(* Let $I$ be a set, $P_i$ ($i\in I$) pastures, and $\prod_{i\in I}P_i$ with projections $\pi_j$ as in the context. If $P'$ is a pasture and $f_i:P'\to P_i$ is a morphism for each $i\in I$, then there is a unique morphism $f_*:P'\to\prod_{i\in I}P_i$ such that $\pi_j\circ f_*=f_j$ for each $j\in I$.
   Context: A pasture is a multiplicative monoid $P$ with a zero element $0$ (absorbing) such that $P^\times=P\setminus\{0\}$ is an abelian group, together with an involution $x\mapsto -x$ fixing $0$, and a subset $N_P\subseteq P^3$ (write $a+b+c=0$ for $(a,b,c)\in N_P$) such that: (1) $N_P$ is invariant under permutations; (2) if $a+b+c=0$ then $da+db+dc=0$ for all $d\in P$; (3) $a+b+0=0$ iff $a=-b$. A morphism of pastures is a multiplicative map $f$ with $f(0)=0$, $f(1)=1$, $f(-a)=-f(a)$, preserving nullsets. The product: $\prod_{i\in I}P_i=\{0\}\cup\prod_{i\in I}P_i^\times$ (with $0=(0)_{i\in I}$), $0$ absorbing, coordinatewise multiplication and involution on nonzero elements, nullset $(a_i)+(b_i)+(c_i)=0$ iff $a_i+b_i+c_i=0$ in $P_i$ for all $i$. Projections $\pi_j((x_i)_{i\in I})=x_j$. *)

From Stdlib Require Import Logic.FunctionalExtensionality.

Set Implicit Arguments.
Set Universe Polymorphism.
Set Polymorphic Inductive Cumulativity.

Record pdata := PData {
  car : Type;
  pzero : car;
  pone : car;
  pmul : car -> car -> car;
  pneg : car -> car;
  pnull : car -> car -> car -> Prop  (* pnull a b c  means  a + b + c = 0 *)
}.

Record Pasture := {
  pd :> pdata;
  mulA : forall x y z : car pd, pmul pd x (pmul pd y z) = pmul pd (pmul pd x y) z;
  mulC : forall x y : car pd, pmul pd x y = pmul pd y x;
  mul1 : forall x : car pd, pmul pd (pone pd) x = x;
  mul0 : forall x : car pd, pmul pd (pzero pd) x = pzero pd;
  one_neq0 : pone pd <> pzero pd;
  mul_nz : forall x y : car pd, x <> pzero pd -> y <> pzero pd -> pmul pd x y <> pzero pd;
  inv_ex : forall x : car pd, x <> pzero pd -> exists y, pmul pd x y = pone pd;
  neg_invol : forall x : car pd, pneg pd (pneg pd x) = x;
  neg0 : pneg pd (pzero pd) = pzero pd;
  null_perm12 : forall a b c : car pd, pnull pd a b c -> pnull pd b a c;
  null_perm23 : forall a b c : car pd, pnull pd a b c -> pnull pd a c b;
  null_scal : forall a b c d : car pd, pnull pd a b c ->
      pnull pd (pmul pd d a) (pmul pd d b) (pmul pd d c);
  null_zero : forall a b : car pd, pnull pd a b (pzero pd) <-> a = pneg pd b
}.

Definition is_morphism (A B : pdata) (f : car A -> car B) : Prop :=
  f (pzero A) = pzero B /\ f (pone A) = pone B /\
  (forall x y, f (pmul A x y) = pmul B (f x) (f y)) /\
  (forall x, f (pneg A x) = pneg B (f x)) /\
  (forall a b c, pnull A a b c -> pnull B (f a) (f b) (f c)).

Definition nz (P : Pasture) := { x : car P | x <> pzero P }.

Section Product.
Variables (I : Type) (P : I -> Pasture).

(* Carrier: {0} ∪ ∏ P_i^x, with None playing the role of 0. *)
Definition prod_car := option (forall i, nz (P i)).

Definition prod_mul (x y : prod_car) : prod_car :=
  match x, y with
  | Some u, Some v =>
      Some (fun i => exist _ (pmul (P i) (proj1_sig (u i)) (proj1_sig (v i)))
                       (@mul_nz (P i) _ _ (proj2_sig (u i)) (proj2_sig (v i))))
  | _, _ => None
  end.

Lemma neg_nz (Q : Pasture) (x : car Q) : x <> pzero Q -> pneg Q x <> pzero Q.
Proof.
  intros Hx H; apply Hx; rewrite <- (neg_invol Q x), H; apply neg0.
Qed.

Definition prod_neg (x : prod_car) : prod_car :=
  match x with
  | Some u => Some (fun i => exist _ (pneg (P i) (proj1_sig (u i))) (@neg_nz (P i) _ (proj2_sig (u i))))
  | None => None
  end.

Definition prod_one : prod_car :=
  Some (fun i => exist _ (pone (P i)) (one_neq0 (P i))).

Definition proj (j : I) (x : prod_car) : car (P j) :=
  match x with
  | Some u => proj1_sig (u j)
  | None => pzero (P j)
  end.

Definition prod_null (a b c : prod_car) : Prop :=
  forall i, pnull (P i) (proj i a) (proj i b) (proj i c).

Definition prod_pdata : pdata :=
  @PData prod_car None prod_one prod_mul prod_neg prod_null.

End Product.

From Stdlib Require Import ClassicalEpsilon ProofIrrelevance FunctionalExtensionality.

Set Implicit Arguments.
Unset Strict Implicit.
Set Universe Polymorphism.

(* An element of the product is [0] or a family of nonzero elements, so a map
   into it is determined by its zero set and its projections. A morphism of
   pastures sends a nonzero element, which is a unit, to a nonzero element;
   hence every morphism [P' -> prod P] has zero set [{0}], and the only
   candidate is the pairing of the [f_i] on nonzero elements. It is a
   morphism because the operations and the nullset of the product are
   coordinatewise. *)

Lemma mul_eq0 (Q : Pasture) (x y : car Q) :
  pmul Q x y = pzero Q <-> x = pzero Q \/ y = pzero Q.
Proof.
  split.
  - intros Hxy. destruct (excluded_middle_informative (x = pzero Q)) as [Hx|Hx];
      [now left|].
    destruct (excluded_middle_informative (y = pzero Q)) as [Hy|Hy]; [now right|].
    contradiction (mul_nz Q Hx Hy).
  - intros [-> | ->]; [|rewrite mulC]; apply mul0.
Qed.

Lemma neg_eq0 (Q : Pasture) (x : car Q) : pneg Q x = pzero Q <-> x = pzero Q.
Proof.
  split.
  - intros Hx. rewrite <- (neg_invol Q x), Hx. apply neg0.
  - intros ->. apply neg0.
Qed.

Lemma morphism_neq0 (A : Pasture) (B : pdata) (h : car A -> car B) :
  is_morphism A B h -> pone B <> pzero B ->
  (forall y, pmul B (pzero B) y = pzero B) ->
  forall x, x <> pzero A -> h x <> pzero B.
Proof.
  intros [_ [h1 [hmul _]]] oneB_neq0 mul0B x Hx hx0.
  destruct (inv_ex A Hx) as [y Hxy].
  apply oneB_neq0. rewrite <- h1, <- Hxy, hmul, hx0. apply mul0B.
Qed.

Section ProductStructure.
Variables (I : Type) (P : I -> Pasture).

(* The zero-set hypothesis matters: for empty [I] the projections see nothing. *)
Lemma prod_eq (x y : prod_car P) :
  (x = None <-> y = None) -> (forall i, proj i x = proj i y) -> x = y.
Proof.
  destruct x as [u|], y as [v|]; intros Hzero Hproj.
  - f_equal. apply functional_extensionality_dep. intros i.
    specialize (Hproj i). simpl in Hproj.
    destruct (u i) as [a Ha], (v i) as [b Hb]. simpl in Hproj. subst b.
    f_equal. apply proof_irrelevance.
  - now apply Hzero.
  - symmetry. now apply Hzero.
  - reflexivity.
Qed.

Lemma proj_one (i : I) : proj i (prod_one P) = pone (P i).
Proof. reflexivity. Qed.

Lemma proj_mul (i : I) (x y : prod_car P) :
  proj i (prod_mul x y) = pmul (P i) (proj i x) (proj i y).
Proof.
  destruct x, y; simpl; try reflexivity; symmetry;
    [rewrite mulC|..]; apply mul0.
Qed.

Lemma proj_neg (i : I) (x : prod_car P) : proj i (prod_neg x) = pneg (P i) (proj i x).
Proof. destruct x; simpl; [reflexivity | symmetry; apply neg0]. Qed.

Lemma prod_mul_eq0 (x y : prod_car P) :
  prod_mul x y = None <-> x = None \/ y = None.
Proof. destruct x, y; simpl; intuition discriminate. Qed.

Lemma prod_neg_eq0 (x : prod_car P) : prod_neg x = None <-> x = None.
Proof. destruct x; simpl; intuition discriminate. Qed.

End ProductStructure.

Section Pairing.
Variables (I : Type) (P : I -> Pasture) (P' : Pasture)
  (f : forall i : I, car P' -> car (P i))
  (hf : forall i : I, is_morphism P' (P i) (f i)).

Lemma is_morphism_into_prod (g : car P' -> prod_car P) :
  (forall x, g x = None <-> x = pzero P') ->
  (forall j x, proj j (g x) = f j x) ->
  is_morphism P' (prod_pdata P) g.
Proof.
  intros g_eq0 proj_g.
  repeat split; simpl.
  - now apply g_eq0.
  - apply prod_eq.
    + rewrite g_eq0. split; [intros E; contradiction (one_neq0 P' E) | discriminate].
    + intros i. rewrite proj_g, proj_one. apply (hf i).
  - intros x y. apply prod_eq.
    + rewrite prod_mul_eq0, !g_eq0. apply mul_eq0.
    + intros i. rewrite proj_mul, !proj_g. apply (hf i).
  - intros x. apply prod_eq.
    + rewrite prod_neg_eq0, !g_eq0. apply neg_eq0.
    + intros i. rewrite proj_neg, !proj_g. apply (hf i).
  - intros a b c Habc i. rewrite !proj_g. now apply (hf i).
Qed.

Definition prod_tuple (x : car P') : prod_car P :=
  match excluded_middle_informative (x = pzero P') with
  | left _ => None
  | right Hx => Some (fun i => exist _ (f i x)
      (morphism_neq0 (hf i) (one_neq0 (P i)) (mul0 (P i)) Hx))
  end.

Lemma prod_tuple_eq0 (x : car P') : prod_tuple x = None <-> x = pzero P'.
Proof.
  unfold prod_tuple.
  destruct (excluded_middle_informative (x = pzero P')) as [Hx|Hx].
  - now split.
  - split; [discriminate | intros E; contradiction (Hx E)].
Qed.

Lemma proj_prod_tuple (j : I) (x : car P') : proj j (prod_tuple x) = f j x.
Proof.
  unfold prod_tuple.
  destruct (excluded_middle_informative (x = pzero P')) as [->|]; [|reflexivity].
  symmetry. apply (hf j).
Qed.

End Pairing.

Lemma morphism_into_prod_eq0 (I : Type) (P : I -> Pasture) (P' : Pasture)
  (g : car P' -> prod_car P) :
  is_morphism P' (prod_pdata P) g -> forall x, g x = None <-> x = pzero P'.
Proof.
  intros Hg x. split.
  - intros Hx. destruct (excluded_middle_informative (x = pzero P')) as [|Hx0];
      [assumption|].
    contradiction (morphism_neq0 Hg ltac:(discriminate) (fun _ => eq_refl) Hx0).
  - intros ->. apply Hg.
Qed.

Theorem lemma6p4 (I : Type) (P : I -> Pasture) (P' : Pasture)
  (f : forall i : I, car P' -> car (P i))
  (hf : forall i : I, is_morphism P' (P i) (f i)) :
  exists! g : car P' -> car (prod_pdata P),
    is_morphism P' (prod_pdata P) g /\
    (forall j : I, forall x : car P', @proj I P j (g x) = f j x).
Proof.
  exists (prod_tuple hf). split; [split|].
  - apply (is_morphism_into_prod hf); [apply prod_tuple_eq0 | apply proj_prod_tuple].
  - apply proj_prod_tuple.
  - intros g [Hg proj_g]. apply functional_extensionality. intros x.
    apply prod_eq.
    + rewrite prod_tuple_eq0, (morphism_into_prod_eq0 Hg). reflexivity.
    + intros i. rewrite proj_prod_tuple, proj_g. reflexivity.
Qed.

────────────────

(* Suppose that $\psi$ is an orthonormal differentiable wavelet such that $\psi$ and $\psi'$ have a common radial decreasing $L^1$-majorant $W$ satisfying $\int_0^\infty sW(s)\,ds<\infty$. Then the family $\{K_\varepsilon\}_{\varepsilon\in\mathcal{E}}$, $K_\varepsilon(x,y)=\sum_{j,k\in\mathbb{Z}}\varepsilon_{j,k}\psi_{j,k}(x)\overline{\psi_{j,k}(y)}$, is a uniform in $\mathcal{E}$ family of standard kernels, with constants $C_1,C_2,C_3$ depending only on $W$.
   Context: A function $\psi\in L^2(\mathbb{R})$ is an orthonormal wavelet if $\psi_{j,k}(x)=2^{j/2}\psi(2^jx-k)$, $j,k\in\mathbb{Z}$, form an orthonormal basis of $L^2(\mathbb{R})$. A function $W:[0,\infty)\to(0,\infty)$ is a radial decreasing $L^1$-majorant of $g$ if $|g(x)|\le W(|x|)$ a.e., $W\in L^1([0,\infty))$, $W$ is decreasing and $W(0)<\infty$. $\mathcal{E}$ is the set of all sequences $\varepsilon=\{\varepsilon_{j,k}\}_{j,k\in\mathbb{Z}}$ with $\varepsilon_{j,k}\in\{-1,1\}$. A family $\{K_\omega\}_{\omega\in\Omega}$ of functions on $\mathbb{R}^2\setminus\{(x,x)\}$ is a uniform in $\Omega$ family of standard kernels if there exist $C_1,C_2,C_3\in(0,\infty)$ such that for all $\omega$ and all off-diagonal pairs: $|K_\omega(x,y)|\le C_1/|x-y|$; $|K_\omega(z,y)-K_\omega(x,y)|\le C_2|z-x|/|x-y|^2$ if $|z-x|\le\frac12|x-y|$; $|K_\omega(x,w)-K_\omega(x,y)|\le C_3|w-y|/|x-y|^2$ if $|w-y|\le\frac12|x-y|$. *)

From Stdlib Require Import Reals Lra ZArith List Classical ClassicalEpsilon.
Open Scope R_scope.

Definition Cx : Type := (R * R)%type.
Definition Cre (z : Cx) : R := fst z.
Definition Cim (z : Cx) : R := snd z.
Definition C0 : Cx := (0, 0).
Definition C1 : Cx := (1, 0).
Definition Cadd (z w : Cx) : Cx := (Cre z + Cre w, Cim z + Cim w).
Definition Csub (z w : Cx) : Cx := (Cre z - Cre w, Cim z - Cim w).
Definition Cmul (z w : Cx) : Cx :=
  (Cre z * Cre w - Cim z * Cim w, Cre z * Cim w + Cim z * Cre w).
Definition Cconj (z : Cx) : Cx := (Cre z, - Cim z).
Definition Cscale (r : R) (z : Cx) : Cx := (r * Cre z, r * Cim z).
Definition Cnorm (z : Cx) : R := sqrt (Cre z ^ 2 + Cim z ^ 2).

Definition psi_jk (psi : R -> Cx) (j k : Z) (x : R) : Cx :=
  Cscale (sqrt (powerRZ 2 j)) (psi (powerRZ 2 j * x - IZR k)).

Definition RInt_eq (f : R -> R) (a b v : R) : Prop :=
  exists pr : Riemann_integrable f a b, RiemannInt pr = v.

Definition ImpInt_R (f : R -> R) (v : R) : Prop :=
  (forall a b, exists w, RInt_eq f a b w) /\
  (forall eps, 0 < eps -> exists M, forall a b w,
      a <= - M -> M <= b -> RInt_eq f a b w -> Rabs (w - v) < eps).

────────────────

▶ [WHAT THIS TASK INVOLVES]: Could you repeat exactly the lines in the listing above from the one with "exist _ (f i x)" down to the one with "- now split."? Include both of those lines.

▶ [TASK OUTPUT]:
  | right Hx => Some (fun i => exist _ (f i x)
      (morphism_neq0 (hf i) (one_neq0 (P i)) (mul0 (P i)) Hx))
  end.

Lemma prod_tuple_eq0 (x : car P') : prod_tuple x = None <-> x = pzero P'.
Proof.
  unfold prod_tuple.
  destruct (excluded_middle_informative (x = pzero P')) as [Hx|Hx].
  - now split.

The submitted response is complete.